PostPosted: Tue Jul 07, 2020 3:01 am
by Trotterdam
Candlewhisper Archive wrote:Nice thought process, though rather than add length to an existing issue I'd suggest you create a separate issue addressing exactly that question -- is mental healthcare the best way to address depression?

It sounds like you've thought about it, and if you can find some other approaches and viewpoints, I think you could have a good issue there.
Indeed. We already have several issues about depression (#62, #352, #496, #510, #576) and they pretty much always assume that it's a choice between "psychiatric care" and "let them kill themselves", so it seems arbitrary to single out #496 as the one to complain about (except that, presumably, it's the first one this player received).

#394 even points out problems with psychiatric care, but the only proposed solution (that isn't "ignore the problem to save money" or "corruptly cover it up") is more psychiatric care. If any of these issues warrants an update, that one should probably take priority.

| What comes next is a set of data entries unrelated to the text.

Definition ftop : L := fsup (fun _ => True).
Definition finf (A : L -> Prop) : L :=
  fsup (fun z => forall a, A a -> fle z a).
Definition fimp (x y : L) : L := fsup (fun z => fle (fmeet z x) y).

Definition is_sublocale (S : L -> Prop) : Prop :=
  (forall A : L -> Prop, (forall a, A a -> S a) -> S (finf A)) /\
  (forall x s, S s -> S (fimp x s)).

(* The frame coS(L) of sublocales, ordered by REVERSE inclusion.       *)
(* Elements are represented by their underlying subsets L -> Prop      *)
(* (sublocale-hood is required where elements are introduced).         *)
Definition cle (S T : L -> Prop) : Prop := forall x, T x -> S x.
Definition ceq (S T : L -> Prop) : Prop := forall x, S x <-> T x.
Definition czero : L -> Prop := fun _ => True.
Definition cone : L -> Prop := fun x => x = ftop.

Definition cJoin (I : Type) (S : I -> L -> Prop) : L -> Prop :=
  fun x => forall i, S i x.
Definition cMeet (I : Type) (S : I -> L -> Prop) : L -> Prop :=
  fun x => forall U, is_sublocale U -> (forall i y, S i y -> U y) -> U x.
Definition cmeet2 (S T : L -> Prop) : L -> Prop :=
  cMeet (fun b : bool => if b then S else T).
Definition cpc (S : L -> Prop) : L -> Prop :=
  fun x => forall T, is_sublocale T -> ceq (cmeet2 S T) czero -> T x.

End FrameOps.

(* Fbar(L): frame homomorphisms L(IRbar) -> coS(L), represented by     *)
(* their values on the generators (r,---) [fup r] and (---,s) [fdn s], *)
(* which must satisfy the defining relations (r1), (r3), (r4) in       *)
(* coS(L) (universal property of the presented frame), together with   *)
(* the pseudocomplement conditions defining Fbar(L).                   *)
Record Fbar (L : frame) := MkFbar {
  fup : rat -> L -> Prop;
  fdn : rat -> L -> Prop;
  fup_sub : forall r, is_sublocale (fup r);
  fdn_sub : forall s, is_sublocale (fdn s);
  fr1 : forall r s : rat, (s <= r)%R -> ceq (cmeet2 (fup r) (fdn s)) (@czero L);
  fr3 : forall r : rat,
      ceq (fup r) (cJoin (fun s : {s : rat | (r < s)%R} => fup (sval s)));
  fr4 : forall s : rat,
      ceq (fdn s) (cJoin (fun r : {r : rat | (r < s)%R} => fdn (sval r)));
  fpc1 : forall r s : rat, (r < s)%R -> cle (cpc (fup r)) (fdn s);
  fpc2 : forall r s : rat, (r < s)%R -> cle (cpc (fdn s)) (fup r)
}.

Section FbarOps.
Variable L : frame.

Definition Fle (f g : Fbar L) : Prop :=
  (forall r, cle (fup f r) (fup g r)) /\ (forall s, cle (fdn g s) (fdn f s)).

(* equality of frame homomorphisms = agreement on generators *)
Definition Feq (f g : Fbar L) : Prop :=
  (forall r, ceq (fup f r) (fup g r)) /\ (forall s, ceq (fdn f s) (fdn g s)).

Definition Fis_join (f g h : Fbar L) : Prop :=
  Fle f h /\ Fle g h /\ (forall k, Fle f k -> Fle g k -> Fle h k).

Definition is_pinfty (f : Fbar L) : Prop :=
  (forall r, ceq (fup f r) (@cone L)) /\ (forall s, ceq (fdn f s) (@czero L)).

End FbarOps.

(* Two sublocales S and T meet in 0 in
   coS(L) iff every x is a meet s /\ t with s in S and t in T; this turns
   pseudocomplements and the distributivity of coS(L) into statements about
   elements.  Let D = \/_s f(---,s).
   (2) <-> (3): D* <= f(---,r+1)* <= f(r,---) for every r, and by (r1)
   (/\_r f(r,---)) /\ D = \/_s ((/\_r f(r,---)) /\ f(---,s)) = 0.
   (1) -> (2): the function that is +oo on D** and -oo on D* joins f to +oo,
   since an upper bound k of both has k(---,s) <= D /\ D* = 0; so D* = 0.
   (2) -> (1): if f \/ g = +oo, the upper bound of f and g with
   (r,---) |-> \/_{u>r} (f(u,---) \/ g(u,---))** is +oo, so its values at
   every (r,---) are dense.  As g(---,s) /\ f(---,v) meets f(u,---) \/ g(u,---) in 0 for
   u >= s, v, it is 0; hence g(---,s) /\ D = 0, and (2) gives g(---,s) = 0. *)

From mathcomp Require Import all_boot all_order all_algebra.
Import Order.TTheory GRing.Theory Num.Theory.

Set Implicit Arguments.
Unset Strict Implicit.
Unset Printing Implicit Defensive.

Section FrameTheory.
Variable L : frame.
Implicit Types x y z a b : L.

Lemma fle_top x : fle x (ftop L).
Proof. exact: fsup_ub. Qed.

Lemma finf_lb (A : L -> Prop) a : A a -> fle (finf A) a.
Proof. by move=> Aa; apply: fsup_least => z; apply. Qed.

Lemma finf_glb (A : L -> Prop) z : (forall a, A a -> fle z a) -> fle z (finf A).
Proof. exact: fsup_ub. Qed.

Lemma fle_ext a b : (forall z, fle z a <-> fle z b) -> a = b.
Proof. by move=> H; apply: fle_antisym; [apply/H|apply/H]; apply: fle_refl. Qed.

Lemma fle_meetP z a b : fle z (fmeet a b) <-> fle z a /\ fle z b.
Proof.
split=> [H|[]]; last exact: fmeet_glb.
by split; apply: fle_trans H _; [apply: fmeet_l|apply: fmeet_r].
Qed.

Lemma fmeetC a b : fmeet a b = fmeet b a.
Proof.
by apply: fle_antisym; apply: fmeet_glb;
  [apply: fmeet_r|apply: fmeet_l|apply: fmeet_r|apply: fmeet_l].
Qed.

Lemma fmeet_topl a : fmeet (ftop L) a = a.
Proof.
apply: fle_antisym; first exact: fmeet_r.
by apply: fmeet_glb; [apply: fle_top|apply: fle_refl].
Qed.

Lemma fimpP z a b : fle z (fimp a b) <-> fle (fmeet z a) b.
Proof.
split=> [H|H]; last exact: (@fsup_ub L (fun w => fle (fmeet w a) b)).
apply: fle_trans (_ : fle (fmeet (fimp a b) a) b).
  by apply: fmeet_glb; [apply: fle_trans (fmeet_l _ _) H|apply: fmeet_r].
rewrite fmeetC /fimp fmeet_distr; apply: fsup_least => _ [w [Hw ->]].
by rewrite fmeetC.
Qed.

Lemma fimp_meet z a b : fimp z (fmeet a b) = fmeet (fimp z a) (fimp z b).
Proof.
apply: fle_ext => y; split=> [/fimpP/fle_meetP[]|/fle_meetP[]] => H1 H2.
  by apply/fle_meetP; split; apply/fimpP.
by apply/fimpP/fle_meetP; split; apply/fimpP.
Qed.

End FrameTheory.

Section Sublocales.
Variable L : frame.
Implicit Types (S T U : L -> Prop) (x y s t : L).

Lemma sublocale_top S : is_sublocale S -> S (ftop L).
Proof.
case=> Sinf _; have <- : finf (fun _ : L => False) = ftop L.
  by apply: fle_antisym; [apply: fle_top|apply: finf_glb].
exact: Sinf.
Qed.

Lemma sublocale_meet S s t : is_sublocale S -> S s -> S t -> S (fmeet s t).
Proof.
case=> Sinf _ Ss St; have -> : fmeet s t = finf (fun a => a = s \/ a = t).
  apply: fle_antisym; last by apply: fmeet_glb; apply: finf_lb; [left|right].
  by apply: finf_glb => a [->|->]; [apply: fmeet_l|apply: fmeet_r].
by apply: Sinf => a [->|->].
Qed.

Lemma cone_sublocale : is_sublocale (@cone L).
Proof.
split=> [A HA|x s ->]; apply: fle_antisym; try exact: fle_top.
  by apply: finf_glb => a /HA ->; apply: fle_refl.
by apply/fimpP; apply: fmeet_l.
Qed.

Lemma cJoin_sublocale I (T : I -> L -> Prop) :
  (forall i, is_sublocale (T i)) -> is_sublocale (cJoin T).
Proof.
move=> subT; split=> [A HA i|x s Hs i]; first by apply: (subT i).1 => a /HA.
exact: (subT i).2.
Qed.

Lemma cMeet_sublocale I (T : I -> L -> Prop) : is_sublocale (cMeet T).
Proof.
split=> [A HA U subU TU|x s Hs U subU TU]; first by apply: subU.1 => a /HA; apply.
exact: subU.2 _ _ (Hs U subU TU).
Qed.

Lemma cMeet_ge I (T : I -> L -> Prop) i x : T i x -> cMeet T x.
Proof. by move=> Tx U _ TU; apply: TU Tx. Qed.

Lemma cpc_sublocale S : is_sublocale (cpc S).
Proof.
split=> [A HA T subT ST|x s Hs T subT ST]; first by apply: subT.1 => a /HA; apply.
exact: subT.2 _ _ (Hs T subT ST).
Qed.

Lemma cJoin_const I S : I -> ceq S (cJoin (fun _ : I => S)).
Proof. by move=> i x; split=> [Sx _|/(_ i)]. Qed.

Definition hull S x := finf (fun s => S s /\ fle x s).
Definition residual S x := fimp (hull S x) x.

Lemma hull_in S x : is_sublocale S -> S (hull S x).
Proof. by case=> Sinf _; apply: Sinf => a []. Qed.

Lemma hull_ge S x : fle x (hull S x).
Proof. by apply: finf_glb => a []. Qed.

Lemma hull_le S x s : S s -> fle x s -> fle (hull S x) s.
Proof. by move=> Ss xs; apply: finf_lb. Qed.

Lemma meet_hull_residual S x : fmeet (hull S x) (residual S x) = x.
Proof.
apply: fle_antisym; first by rewrite fmeetC; apply/fimpP; apply: fle_refl.
by apply: fmeet_glb; [apply: hull_ge|apply/fimpP; apply: fmeet_l].
Qed.

Lemma residual_top S s : S s -> residual S s = ftop L.
Proof.
move=> Ss; apply: fle_antisym; first exact: fle_top.
by apply/fimpP; apply: fle_trans (fmeet_r _ _) (hull_le Ss (fle_refl s)).
Qed.

(* [hull S (s /\ t) <= s], so the residual of [s /\ t] is [hull S (s /\ t) -> t]. *)
Lemma residual_meet S T s t :
  is_sublocale T -> S s -> T t -> T (residual S (fmeet s t)).
Proof.
move=> subT Ss Tt; have -> : residual S (fmeet s t) = fimp (hull S (fmeet s t)) t.
  apply: fle_ext => z; split=> /fimpP H; apply/fimpP.
    exact: fle_trans H (fmeet_r _ _).
  apply: fmeet_glb => //; apply: fle_trans (fmeet_r _ _) _.
  exact: hull_le Ss (fmeet_l _ _).
exact: subT.2.
Qed.
Lemma shiftn_iter : forall (A : Type) n (y : pt I A) i, shiftn sh n y i = y (Nat.iter n sh i).
Proof. intros. rewrite shiftn_ofZ, iter_ofZ. reflexivity. Qed.

(* Any two distinct points are separated by the clopen set fixing one
   coordinate, so every subset of A^I is totally disconnected. *)
Lemma all_totally_disconnected : forall (A : Type) (K : pset I A), totally_disconnected win K.
Proof.
  intros A K C _ a b Ca Cb Hab.
  assert (exists i, a i <> b i) as [i Hi].
  { apply NNPP. intro Hn. apply Hab. apply functional_extensionality. intros i.
    apply NNPP. intro. apply Hn. eauto. }
  set (k := S (Z.to_nat (Z.abs (pos i)))).
  assert (Hk : win k i) by (apply win_pos; unfold k; lia).
  exists (fun y => y i = a i), (fun y => y i <> a i).
  repeat split.
  - intros y Hy. exists k. intros y' Hyy'. rewrite <- Hyy'; auto.
  - intros y Hy. exists k. intros y' Hyy'. rewrite <- Hyy'; auto.
  - intros y _. apply classic.
  - exists a. auto.
  - exists b. auto.
  - intros y _ H1 H2. auto.
Qed.

Section CantorImage.
Variables (A : Type) (phi : (nat -> bool) -> pt I A).

Definition prefix_eq (n : nat) (al be : nat -> bool) : Prop := forall i, (i < n)%nat -> al i = be i.
Lemma crosses_indicesP (I J : seq nat) :
  sorted ltn I -> sorted ltn J -> size I = size J ->
  crosses I J <-> exists a b, crossing_indices I J a b.
Proof.
move=> sI sJ eq_size; split=> [[y [z cross]] | [a [b cross]]].
  by do 2 eexists; apply: indices_of_crosses cross.
by do 2 eexists; apply: crosses_of_indices cross.
Qed.

Lemma noncrossingP (I J : seq nat) :
  sorted ltn I -> sorted ltn J -> size I = size J ->
  reflect (~ (crosses I J \/ crosses J I)) (noncrossing I J).
Proof.
move=> sI sJ eq_size; apply: (iffP (noncrossing_indicesP eq_size)).
  by rewrite !crosses_indicesP //; tauto.
by rewrite !crosses_indicesP //; tauto.
Qed.

Lemma eq_noncrossing (I J I' J' : seq nat) :
  sorted ltn I -> sorted ltn J -> size I = size J ->
  sorted ltn I' -> sorted ltn J' -> size I' = size J' ->
  (crosses I J \/ crosses J I <-> crosses I' J' \/ crosses J' I') ->
  noncrossing I J = noncrossing I' J'.
Proof.
move=> sI sJ eIJ sI' sJ' eIJ' equiv.
by apply/(noncrossingP sI sJ eIJ)/(noncrossingP sI' sJ' eIJ'); rewrite equiv.
Qed.

Lemma crosses_eq (I J I' J' : seq nat) :
  (forall y z, crossing_at I J y z <-> crossing_at I' J' y z) ->
  crosses I J <-> crosses I' J'.
Proof. by move=> eq_at; split=> -[y [z /eq_at cross]]; exists y, z. Qed.

Lemma crossing_at_rev (I J : seq nat) (y z : nat) :
  crossing_at (rev I) (rev J) y z <-> crossing_at I J y z.
Proof.
rewrite /crossing_at !mem_rev !count_rev.
by split=> -[? between ?]; split=> // t /between; rewrite ?mem_rev.
Qed.

Lemma crossing_at_filter (q : pred nat) (I J : seq nat) (y z : nat) :
  uniq I -> uniq J -> (forall x, ~~ q x -> (x \in I) = (x \in J)) ->
  crossing_at [seq x <- I | q x] [seq x <- J | q x] y z <-> crossing_at I J y z.
Proof.
move=> uI uJ agree_out; rewrite /crossing_at !mem_filter.
have count_out : count (fun t => t < y) [seq x <- I | ~~ q x] =
                 count (fun t => t < y) [seq x <- J | ~~ q x].
  apply: count_uniq_eq; rewrite ?filter_uniq // => x _; rewrite !mem_filter.
  by case qx: (q x); rewrite //= agree_out ?qx.
rewrite [count _ I](count_filterC _ q) [count _ J](count_filterC _ q) count_out.
have qIJ x : (x \in I) != (x \in J) -> q x.
  by apply: contraR => /agree_out ->; rewrite eqxx.
split=> [[/and5P[/andP[qy yJ] yI /andP[qz zI] zJ yz] between count_y] |
         [/and5P[yJ yI zI zJ yz] between count_y]].
  rewrite qy qz /= in yI zJ; split; [by rewrite yJ yI zI zJ | | lia].
  move=> t tyz; case qt: (q t); last by apply: agree_out; rewrite qt.
  by have := between t tyz; rewrite !mem_filter qt.
have qy : q y by apply: qIJ; rewrite yJ (negbTE yI).
have qz : q z by apply: qIJ; rewrite zI (negbTE zJ).
split; [by rewrite qy qz yJ yI zI zJ | | lia].
by move=> t tyz; rewrite !mem_filter between.
Qed.

Lemma count_size_split (y z : nat) (s : seq nat) : y < z ->
  size s = count (fun t => t < y) s + count (pred1 y) s +
           count (fun t => y < t < z) s + count (pred1 z) s + count (fun t => z < t) s.
Proof. by move=> yz; elim: s => //= x s ->; rewrite /=; lia. Qed.

Lemma count_below_above (I J : seq nat) (y z : nat) :
  uniq I -> uniq J -> size I = size J ->
  y \in J -> y \notin I -> z \in I -> z \notin J -> y < z ->
  (forall t, y < t < z -> (t \in I) = (t \in J)) ->
  count (fun t => t < y) I + count (fun t => z < t) I =
  count (fun t => t < y) J + count (fun t => z < t) J.
Proof.
move=> uI uJ eq_size yJ yI zI zJ yz between.
have := count_size_split I yz; have := count_size_split J yz.
rewrite !count_uniq_mem // (negbTE yI) (negbTE zJ) yJ zI eq_size.
by rewrite (@count_uniq_eq _ I J uI uJ between); lia.
Qed.

Section OrderMaps.
Variables (D : pred nat) (f : nat -> nat).

Lemma mem_map_in (s : seq nat) (x : nat) : {in D &, injective f} ->
  x \in D -> {subset s <= D} -> (f x \in map f s) = (x \in s).
Proof.
move=> f_inj Dx Ds; apply/mapP/idP => [[u us /f_inj ->] // | xs]; last by exists x.
exact: Ds.
Qed.

Lemma crosses_map (I J : seq nat) : {in D &, {homo f : x y / x < y}} ->
  {subset I <= D} -> {subset J <= D} ->
  crosses (map f I) (map f J) <-> crosses I J.
Proof.
move=> f_incr DI DJ; have f_mono := leqW_mono_in (leq_mono_in f_incr).
have memf x s : x \in D -> {subset s <= D} -> (f x \in map f s) = (x \in s).
  exact/mem_map_in/(mono_inj_in leqnn anti_leq (leq_mono_in f_incr)).
have countf y s : y \in D -> {subset s <= D} ->
    count (fun t => t < f y) (map f s) = count (fun t => t < y) s.
  by move=> Dy Ds; rewrite count_map; apply: eq_in_count => u /Ds Du /=; apply: f_mono.
split=> [[_ [_ [/and5P[/mapP[y yJ ->] yI /mapP[z zI ->] zJ yz] between count_y]]] |
         [y [z [/and5P[yJ yI zI zJ yz] between count_y]]]].
  have [Dy Dz] := (DJ y yJ, DI z zI).
  rewrite !memf // in yI zJ; rewrite f_mono // in yz; rewrite !countf // in count_y.
  exists y, z; split; rewrite ?yJ ?yI ?zI ?zJ // => t /andP[yt tz].
  case: (boolP ((t \in I) || (t \in J))) => [tIJ | /norP[/negbTE-> /negbTE->] //].
  have Dt : t \in D by case/orP: tIJ => [/DI | /DJ].
  by have := between (f t); rewrite !memf // !f_mono // yt tz => ->.
have [Dy Dz] := (DJ y yJ, DI z zI).
exists (f y), (f z); split; rewrite ?memf ?f_mono ?countf ?yJ ?yI ?zI ?zJ //.
move=> t /andP[yt tz]; apply/mapP/mapP => -[u us tu]; subst t; exists u => //.
  have Du := DI u us; rewrite !f_mono // in yt tz.
  by rewrite -between ?yt.
have Du := DJ u us; rewrite !f_mono // in yt tz.
by rewrite between ?yt.
Qed.

Lemma crosses_map_anti (I J : seq nat) : {in D &, {homo f : x y /~ x < y}} ->
  uniq I -> uniq J -> size I = size J -> {subset I <= D} -> {subset J <= D} ->
  crosses (map f I) (map f J) <-> crosses J I.
Proof.
move=> f_decr uI uJ eq_size DI DJ; have f_mono := leqW_nmono_in (leq_nmono_in f_decr).
have memf x s : x \in D -> {subset s <= D} -> (f x \in map f s) = (x \in s).
  apply: mem_map_in => u v Du Dv fuv.
  by case: (ltngtP u v) => // [uv | vu];
    [move: (f_decr v u Dv Du uv) | move: (f_decr u v Du Dv vu)]; rewrite fuv ltnn.
have countf y s : y \in D -> {subset s <= D} ->
    count (fun t => t < f y) (map f s) = count (fun t => y < t) s.
  by move=> Dy Ds; rewrite count_map; apply: eq_in_count => u /Ds Du /=; apply: f_mono.
split=> [[_ [_ [/and5P[/mapP[y yJ ->] yI /mapP[z zI ->] zJ zy] between count_y]]] |
         [z [y [/and5P[zI zJ yJ yI zy] between count_z]]]].
  have [Dy Dz] := (DJ y yJ, DI z zI).
  rewrite !memf // in yI zJ; rewrite f_mono // in zy; rewrite !countf // in count_y.
  have agree t : z < t < y -> (t \in J) = (t \in I).
    move=> /andP[zt ty].
    case: (boolP ((t \in I) || (t \in J))) => [tIJ | /norP[/negbTE-> /negbTE->] //].
    have Dt : t \in D by case/orP: tIJ => [/DI | /DJ].
    by have := between (f t); rewrite !memf // !f_mono // zt ty => ->.
  exists z, y; split; rewrite ?yJ ?yI ?zI ?zJ //.
  have := count_below_above uJ uI (esym eq_size) zI zJ yJ yI zy agree; lia.
have [Dy Dz] := (DJ y yJ, DI z zI).
have := count_below_above uJ uI (esym eq_size) zI zJ yJ yI zy between => counts.
exists (f y), (f z); split; rewrite ?memf ?f_mono ?countf ?yJ ?yI ?zI ?zJ //; last by lia.
move=> t /andP[yt tz]; apply/mapP/mapP => -[u us tu]; subst t; exists u => //.
  have Du := DI u us; rewrite !f_mono // in yt tz.
  by rewrite between ?tz ?yt.
have Du := DJ u us; rewrite !f_mono // in yt tz.
by rewrite -between ?tz ?yt.
Qed.
End OrderMaps.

Personally I'm of the attitude that if people are depressed, it's because their life is depressing. Proper care should involve figuring out what circumstances in their life they're depressed about and helping them fix it. (Or occasionally helping them come to terms with it and find something else worth living for, but that's definitely a plan B.) Telling them that their feelings are wrong (by calling them a "mental illness") is condescending.

That does seem pretty close to the option Romance and Reverie is suggesting. Though if it's going to be the subject of an entirely new issue, we probably want more than one not-covered-in-previous-issues approach.